**Action item**
When you reach the line with "(* We work in" in the data below, begin printing lines exactly, and stop once the line with "(E_from_aprof), and its" has been printed.

Collected data
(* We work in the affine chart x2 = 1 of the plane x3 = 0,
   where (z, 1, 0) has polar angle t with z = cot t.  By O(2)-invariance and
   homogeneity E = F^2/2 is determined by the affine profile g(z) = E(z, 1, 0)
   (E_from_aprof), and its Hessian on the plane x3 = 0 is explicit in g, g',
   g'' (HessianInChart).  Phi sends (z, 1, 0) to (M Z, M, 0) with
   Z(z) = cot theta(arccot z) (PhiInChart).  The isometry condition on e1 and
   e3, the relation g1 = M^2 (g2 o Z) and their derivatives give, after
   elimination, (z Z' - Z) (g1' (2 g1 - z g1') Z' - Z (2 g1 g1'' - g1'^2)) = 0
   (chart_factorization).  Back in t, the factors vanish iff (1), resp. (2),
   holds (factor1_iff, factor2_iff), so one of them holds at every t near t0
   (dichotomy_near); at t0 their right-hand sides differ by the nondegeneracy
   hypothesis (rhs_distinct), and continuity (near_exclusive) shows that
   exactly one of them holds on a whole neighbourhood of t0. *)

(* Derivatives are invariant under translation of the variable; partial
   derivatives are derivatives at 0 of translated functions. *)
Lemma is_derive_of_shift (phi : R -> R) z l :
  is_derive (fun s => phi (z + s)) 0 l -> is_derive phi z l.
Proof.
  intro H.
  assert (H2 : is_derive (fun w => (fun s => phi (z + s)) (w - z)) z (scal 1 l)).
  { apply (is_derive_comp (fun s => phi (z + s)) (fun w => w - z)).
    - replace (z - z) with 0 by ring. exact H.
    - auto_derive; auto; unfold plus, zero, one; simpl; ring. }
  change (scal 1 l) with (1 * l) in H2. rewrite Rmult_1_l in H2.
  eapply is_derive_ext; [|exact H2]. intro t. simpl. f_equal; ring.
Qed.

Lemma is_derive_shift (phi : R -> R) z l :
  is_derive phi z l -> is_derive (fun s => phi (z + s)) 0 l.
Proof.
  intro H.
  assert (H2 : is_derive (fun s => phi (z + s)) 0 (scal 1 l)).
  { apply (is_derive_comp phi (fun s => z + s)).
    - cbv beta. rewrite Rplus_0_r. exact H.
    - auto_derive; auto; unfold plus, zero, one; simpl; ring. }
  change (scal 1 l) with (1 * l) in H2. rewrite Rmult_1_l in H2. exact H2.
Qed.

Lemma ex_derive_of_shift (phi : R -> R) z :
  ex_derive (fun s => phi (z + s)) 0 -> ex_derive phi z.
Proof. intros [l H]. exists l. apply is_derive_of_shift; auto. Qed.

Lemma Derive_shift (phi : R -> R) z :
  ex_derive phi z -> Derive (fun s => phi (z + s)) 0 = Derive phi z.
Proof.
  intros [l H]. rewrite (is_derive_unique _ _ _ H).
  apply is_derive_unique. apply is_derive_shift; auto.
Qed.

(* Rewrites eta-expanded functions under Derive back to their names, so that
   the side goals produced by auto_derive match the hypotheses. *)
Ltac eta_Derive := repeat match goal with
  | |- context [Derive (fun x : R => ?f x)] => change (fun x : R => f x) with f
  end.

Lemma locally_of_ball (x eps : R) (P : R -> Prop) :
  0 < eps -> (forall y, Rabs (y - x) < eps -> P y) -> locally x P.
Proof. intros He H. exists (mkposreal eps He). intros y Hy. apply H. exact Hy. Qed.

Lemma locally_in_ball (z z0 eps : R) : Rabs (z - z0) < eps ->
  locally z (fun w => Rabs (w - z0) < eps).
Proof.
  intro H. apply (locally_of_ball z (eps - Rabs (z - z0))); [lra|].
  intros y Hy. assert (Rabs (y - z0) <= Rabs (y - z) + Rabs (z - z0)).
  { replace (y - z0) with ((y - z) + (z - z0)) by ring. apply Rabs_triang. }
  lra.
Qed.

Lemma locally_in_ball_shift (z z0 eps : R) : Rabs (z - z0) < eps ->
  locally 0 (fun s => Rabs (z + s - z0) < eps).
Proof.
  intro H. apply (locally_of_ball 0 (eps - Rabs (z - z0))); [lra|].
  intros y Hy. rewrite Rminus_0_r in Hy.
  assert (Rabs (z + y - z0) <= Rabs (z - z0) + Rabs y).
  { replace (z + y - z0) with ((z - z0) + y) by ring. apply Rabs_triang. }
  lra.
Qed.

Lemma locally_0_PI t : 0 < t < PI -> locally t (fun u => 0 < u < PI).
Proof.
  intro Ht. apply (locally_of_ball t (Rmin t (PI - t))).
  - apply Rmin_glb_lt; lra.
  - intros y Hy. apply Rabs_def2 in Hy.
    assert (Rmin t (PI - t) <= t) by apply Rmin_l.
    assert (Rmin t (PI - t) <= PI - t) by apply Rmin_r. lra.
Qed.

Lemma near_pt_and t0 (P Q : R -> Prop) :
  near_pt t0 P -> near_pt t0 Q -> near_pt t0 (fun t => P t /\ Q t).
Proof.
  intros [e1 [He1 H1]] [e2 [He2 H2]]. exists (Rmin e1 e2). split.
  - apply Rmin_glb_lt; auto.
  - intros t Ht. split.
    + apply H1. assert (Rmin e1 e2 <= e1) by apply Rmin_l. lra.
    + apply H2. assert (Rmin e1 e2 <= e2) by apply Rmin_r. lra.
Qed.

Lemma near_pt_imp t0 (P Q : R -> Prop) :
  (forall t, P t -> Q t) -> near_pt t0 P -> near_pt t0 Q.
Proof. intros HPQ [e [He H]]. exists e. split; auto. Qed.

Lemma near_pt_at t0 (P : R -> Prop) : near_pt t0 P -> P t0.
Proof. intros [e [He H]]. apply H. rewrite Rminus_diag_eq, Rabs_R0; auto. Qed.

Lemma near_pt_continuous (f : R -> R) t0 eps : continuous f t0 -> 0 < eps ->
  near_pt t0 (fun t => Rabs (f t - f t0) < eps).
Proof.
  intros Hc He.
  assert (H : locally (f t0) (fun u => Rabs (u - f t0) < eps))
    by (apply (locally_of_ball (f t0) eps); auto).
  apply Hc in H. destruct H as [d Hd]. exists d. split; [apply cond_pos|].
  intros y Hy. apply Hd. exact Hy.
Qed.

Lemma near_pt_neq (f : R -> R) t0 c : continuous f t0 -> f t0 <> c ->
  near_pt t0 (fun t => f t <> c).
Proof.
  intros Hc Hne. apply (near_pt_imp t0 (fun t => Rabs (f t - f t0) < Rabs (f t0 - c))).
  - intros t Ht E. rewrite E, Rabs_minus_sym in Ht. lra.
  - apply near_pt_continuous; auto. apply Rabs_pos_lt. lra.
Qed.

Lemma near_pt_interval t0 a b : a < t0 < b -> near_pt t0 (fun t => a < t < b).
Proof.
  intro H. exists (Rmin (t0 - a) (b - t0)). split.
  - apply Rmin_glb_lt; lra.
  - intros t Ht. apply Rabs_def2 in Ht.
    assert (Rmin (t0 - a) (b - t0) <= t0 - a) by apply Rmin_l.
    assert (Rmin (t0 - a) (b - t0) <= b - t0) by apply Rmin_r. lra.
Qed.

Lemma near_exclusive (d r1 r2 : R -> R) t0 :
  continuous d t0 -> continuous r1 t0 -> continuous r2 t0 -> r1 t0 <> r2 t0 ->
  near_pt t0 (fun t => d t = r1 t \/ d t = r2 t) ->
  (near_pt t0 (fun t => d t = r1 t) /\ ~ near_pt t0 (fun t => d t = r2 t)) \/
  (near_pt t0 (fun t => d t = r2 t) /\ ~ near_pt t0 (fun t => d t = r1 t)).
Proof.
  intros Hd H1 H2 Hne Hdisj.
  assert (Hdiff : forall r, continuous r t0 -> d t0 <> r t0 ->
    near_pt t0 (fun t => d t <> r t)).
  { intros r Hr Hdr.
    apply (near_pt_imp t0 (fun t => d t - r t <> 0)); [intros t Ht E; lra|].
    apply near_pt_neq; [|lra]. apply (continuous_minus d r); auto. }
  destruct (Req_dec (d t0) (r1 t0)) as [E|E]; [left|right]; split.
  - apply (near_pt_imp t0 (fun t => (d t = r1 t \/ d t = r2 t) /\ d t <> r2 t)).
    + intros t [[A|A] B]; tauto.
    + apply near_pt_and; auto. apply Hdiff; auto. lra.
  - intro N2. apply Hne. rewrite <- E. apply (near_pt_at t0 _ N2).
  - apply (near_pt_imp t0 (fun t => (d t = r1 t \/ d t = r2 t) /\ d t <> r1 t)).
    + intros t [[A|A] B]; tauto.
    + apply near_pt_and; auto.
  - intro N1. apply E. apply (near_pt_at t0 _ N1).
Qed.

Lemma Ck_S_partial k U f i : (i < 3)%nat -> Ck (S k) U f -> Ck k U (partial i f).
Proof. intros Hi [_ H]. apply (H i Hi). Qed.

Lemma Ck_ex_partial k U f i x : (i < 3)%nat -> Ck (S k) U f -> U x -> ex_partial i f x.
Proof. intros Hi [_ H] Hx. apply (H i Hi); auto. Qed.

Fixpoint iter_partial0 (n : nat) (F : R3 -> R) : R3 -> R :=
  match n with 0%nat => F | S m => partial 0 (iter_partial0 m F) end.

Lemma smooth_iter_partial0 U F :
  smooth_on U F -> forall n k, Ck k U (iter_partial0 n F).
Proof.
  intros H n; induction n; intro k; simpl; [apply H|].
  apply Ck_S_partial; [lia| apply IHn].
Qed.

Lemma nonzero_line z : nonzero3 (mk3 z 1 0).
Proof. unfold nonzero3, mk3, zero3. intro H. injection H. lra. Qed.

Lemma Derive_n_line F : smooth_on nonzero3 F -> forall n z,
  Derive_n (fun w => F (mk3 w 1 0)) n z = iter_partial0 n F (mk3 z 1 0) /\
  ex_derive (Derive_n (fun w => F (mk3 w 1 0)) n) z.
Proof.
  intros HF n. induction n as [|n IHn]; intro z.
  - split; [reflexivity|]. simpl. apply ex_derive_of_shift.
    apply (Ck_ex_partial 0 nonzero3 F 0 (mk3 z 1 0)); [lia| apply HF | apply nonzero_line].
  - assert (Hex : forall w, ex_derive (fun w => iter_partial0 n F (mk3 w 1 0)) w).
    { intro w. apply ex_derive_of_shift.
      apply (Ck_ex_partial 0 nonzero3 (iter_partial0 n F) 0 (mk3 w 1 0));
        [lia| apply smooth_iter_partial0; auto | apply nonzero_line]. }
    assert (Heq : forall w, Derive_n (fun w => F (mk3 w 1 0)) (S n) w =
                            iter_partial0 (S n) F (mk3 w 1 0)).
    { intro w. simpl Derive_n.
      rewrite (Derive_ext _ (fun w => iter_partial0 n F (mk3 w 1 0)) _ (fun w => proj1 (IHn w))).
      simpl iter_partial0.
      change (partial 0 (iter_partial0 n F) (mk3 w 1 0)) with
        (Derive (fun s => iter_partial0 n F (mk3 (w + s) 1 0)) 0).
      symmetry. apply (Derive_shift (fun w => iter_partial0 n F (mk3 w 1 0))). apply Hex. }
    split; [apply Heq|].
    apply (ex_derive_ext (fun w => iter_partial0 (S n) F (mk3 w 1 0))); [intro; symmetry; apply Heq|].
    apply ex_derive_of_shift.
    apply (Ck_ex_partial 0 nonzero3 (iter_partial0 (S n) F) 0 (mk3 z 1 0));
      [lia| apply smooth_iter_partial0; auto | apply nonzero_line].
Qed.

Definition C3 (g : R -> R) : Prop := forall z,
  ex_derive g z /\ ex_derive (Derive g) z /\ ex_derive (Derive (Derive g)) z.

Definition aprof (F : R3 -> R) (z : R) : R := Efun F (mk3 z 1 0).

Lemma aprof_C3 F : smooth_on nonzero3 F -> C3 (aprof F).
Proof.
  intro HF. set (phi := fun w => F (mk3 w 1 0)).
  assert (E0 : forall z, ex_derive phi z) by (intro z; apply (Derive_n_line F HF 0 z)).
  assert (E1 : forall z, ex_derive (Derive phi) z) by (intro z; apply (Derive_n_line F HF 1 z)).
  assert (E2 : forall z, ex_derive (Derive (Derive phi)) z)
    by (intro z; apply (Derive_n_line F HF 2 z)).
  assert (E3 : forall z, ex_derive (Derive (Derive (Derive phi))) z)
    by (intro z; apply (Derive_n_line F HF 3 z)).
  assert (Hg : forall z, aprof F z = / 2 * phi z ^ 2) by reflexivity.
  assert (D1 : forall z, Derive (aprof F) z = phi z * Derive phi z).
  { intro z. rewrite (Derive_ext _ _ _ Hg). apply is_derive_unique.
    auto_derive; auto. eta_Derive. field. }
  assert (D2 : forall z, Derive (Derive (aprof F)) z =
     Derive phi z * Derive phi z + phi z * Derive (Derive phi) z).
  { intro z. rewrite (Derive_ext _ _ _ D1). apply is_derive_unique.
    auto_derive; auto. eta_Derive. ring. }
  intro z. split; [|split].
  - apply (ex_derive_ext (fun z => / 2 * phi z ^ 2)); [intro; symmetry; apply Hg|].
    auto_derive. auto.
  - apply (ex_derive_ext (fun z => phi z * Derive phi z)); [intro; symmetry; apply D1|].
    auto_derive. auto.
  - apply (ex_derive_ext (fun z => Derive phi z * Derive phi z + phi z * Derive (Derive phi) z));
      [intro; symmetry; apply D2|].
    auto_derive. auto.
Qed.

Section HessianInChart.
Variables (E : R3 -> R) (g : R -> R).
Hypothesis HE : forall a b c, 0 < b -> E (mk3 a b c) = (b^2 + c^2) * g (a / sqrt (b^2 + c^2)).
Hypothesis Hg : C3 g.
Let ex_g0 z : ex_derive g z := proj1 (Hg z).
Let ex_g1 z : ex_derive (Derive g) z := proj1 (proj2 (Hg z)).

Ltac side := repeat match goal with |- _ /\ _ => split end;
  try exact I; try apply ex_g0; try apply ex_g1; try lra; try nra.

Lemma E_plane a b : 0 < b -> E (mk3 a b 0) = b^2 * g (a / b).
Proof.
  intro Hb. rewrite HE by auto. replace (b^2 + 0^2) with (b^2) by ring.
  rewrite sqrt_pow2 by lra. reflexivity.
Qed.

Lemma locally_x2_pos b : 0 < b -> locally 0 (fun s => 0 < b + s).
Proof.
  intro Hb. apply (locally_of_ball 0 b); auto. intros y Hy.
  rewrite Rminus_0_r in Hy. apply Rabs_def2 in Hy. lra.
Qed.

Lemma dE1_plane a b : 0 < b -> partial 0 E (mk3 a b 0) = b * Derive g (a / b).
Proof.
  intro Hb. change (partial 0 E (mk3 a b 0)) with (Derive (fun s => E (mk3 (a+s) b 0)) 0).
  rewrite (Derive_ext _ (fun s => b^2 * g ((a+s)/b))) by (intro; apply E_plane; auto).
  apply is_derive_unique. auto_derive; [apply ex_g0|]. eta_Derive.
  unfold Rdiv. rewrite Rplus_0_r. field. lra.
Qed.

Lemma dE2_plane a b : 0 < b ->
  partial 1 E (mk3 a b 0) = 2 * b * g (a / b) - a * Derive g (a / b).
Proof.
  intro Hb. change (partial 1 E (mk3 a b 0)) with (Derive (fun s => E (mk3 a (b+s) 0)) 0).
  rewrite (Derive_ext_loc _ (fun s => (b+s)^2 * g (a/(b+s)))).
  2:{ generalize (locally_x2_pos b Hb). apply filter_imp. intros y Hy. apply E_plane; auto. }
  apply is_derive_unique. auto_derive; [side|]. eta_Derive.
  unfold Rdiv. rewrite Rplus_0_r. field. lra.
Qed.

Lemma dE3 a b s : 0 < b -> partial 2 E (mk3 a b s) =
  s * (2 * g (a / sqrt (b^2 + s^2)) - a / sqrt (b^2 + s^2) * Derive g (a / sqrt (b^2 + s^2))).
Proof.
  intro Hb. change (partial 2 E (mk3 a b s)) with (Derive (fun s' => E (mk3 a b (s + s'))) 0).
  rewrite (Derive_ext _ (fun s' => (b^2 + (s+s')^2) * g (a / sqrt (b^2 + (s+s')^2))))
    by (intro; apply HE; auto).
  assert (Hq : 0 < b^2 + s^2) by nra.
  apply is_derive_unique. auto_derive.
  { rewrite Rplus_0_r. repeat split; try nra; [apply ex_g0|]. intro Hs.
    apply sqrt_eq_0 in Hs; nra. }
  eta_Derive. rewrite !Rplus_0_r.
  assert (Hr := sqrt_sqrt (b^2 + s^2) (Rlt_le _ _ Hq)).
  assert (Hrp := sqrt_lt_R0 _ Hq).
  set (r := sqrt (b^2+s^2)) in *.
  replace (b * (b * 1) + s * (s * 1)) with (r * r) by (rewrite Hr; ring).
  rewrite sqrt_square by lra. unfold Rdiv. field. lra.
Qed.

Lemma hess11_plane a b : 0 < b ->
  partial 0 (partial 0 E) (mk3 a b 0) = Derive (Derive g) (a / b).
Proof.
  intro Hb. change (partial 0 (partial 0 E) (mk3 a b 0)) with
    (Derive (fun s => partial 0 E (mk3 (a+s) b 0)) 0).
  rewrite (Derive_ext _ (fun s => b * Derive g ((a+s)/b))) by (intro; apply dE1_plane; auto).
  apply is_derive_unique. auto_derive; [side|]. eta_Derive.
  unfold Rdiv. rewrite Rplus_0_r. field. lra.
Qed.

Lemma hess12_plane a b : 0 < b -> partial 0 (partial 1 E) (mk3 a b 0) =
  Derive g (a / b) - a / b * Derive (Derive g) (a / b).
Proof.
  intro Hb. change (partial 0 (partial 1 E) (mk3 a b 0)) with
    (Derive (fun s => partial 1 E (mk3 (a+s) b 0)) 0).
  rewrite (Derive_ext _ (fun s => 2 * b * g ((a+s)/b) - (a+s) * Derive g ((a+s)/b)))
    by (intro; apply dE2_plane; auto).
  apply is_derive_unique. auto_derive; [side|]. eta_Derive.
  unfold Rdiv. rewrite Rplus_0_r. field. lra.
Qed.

---

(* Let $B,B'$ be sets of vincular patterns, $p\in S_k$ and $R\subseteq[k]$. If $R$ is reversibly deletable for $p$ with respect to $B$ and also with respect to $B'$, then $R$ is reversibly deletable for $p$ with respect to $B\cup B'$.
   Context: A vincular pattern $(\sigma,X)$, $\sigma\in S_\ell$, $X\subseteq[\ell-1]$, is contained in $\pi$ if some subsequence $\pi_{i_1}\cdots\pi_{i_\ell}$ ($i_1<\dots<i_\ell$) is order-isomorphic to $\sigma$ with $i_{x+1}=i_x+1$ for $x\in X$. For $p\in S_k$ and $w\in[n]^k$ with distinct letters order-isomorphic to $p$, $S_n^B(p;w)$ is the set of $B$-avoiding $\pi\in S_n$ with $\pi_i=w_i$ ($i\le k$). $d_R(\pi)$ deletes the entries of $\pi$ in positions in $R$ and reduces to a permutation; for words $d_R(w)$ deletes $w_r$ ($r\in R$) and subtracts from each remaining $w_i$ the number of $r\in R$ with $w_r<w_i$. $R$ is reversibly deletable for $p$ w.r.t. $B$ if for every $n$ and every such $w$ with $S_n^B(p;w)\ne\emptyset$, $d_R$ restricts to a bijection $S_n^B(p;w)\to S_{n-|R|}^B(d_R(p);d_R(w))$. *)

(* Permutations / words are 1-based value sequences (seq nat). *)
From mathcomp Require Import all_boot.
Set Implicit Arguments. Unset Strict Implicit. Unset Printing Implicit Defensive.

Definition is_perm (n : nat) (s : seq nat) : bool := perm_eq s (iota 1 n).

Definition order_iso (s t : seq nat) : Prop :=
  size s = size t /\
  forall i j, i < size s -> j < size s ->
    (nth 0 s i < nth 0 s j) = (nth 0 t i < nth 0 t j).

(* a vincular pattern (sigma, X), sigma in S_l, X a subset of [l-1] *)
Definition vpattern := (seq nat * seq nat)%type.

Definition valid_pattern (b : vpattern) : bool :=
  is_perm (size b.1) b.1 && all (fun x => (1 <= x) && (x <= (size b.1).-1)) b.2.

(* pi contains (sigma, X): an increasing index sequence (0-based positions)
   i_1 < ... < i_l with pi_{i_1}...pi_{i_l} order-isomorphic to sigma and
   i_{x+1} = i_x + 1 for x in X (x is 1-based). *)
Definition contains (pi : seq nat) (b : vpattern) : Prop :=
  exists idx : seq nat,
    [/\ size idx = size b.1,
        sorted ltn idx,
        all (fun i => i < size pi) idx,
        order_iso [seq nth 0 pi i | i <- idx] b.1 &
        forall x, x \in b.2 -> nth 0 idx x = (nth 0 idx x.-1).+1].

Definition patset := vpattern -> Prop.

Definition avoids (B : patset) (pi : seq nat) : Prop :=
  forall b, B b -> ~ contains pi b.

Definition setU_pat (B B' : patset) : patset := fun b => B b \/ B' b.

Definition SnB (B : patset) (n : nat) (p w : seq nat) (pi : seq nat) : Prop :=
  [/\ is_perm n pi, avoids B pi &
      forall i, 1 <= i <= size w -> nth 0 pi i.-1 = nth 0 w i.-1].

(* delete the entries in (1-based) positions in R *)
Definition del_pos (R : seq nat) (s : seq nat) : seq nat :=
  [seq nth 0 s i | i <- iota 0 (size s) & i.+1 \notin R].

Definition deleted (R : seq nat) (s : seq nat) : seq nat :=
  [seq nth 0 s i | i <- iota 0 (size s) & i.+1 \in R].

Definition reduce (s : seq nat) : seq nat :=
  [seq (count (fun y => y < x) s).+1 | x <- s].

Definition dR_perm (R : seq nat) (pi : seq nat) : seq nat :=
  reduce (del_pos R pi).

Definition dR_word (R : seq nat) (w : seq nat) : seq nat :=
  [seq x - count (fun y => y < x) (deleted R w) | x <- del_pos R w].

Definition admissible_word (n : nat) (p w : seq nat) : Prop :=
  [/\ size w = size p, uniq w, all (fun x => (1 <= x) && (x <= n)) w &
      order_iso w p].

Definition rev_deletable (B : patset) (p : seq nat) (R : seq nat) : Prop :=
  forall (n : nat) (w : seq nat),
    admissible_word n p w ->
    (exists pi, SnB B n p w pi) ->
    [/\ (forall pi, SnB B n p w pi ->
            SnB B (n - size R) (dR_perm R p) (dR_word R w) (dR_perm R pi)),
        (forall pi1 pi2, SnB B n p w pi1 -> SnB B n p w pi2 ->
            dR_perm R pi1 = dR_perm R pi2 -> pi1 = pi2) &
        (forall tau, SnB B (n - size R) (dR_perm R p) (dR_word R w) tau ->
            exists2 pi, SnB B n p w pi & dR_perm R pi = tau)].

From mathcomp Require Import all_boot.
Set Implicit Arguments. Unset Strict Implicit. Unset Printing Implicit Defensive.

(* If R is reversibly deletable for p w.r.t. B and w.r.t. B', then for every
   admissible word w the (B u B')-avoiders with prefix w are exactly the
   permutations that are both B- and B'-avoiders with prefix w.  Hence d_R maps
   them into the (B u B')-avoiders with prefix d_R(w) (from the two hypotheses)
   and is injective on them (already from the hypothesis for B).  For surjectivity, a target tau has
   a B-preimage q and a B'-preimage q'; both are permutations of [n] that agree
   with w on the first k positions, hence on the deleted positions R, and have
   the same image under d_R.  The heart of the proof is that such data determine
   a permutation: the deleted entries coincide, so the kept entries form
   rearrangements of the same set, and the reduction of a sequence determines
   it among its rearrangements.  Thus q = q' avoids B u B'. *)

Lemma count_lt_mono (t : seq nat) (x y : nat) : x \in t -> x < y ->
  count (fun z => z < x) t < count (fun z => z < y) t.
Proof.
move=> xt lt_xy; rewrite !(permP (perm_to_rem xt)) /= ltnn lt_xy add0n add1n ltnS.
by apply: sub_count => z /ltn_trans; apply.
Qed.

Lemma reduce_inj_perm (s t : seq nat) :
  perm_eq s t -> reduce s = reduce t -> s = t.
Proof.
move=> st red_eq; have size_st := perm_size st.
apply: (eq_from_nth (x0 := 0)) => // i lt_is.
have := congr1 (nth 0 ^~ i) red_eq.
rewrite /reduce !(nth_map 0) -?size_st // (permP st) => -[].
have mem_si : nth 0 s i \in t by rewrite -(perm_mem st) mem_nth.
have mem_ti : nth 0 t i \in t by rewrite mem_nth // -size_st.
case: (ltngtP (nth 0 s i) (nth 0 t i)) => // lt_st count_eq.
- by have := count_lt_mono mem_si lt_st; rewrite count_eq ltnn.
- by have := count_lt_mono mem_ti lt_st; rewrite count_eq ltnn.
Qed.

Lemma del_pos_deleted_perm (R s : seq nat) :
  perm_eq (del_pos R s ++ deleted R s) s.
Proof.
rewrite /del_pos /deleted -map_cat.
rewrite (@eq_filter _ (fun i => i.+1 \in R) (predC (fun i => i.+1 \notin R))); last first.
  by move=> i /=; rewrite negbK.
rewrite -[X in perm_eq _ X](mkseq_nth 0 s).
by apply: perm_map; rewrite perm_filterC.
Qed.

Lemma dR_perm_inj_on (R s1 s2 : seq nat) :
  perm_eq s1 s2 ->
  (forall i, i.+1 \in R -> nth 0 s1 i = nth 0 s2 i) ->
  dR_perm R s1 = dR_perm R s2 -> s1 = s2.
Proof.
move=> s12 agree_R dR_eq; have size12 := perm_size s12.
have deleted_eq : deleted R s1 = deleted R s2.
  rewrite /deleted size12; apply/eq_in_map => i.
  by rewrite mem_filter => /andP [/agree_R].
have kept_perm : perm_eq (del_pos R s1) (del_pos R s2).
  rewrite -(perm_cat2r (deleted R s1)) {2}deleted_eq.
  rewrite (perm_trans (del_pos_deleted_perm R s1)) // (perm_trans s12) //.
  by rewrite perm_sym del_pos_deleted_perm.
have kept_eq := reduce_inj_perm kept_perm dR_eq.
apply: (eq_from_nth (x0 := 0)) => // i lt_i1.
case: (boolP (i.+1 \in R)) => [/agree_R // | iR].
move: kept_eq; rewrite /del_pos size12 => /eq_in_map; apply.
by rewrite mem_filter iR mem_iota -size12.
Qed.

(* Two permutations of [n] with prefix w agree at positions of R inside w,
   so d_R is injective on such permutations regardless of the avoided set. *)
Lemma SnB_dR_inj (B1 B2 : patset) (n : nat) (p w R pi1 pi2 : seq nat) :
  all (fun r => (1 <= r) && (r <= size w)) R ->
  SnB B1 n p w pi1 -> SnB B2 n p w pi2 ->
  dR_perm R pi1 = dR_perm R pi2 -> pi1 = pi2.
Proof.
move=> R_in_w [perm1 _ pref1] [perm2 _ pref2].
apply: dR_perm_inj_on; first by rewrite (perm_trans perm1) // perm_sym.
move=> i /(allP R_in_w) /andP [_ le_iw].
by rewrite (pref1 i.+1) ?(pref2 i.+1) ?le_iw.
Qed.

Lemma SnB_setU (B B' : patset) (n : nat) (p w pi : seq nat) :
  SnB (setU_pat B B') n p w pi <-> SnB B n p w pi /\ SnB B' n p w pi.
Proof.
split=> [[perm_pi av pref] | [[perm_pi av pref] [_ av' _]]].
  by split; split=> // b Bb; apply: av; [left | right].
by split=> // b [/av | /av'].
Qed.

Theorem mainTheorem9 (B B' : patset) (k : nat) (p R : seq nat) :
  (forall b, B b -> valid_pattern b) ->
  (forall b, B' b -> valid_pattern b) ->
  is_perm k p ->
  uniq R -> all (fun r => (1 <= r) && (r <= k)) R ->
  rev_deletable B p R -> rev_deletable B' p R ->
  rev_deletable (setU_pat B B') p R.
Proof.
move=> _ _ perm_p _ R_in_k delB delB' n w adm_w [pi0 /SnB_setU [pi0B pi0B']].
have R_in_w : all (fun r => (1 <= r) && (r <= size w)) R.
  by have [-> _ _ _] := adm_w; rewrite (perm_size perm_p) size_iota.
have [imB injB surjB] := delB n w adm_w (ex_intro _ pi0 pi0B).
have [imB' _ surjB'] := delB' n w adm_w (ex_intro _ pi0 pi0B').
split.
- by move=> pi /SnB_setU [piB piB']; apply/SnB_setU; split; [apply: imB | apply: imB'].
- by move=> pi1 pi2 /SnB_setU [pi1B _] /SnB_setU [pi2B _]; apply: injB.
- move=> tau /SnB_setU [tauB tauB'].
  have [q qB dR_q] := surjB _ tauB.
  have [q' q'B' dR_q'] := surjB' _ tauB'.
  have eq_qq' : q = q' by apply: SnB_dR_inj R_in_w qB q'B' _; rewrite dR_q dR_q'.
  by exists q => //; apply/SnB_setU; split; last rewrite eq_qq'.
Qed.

**Answer space**
(* We work in the affine chart x2 = 1 of the plane x3 = 0,
   where (z, 1, 0) has polar angle t with z = cot t.  By O(2)-invariance and
   homogeneity E = F^2/2 is determined by the affine profile g(z) = E(z, 1, 0)
   (E_from_aprof), and its Hessian on the plane x3 = 0 is explicit in g, g',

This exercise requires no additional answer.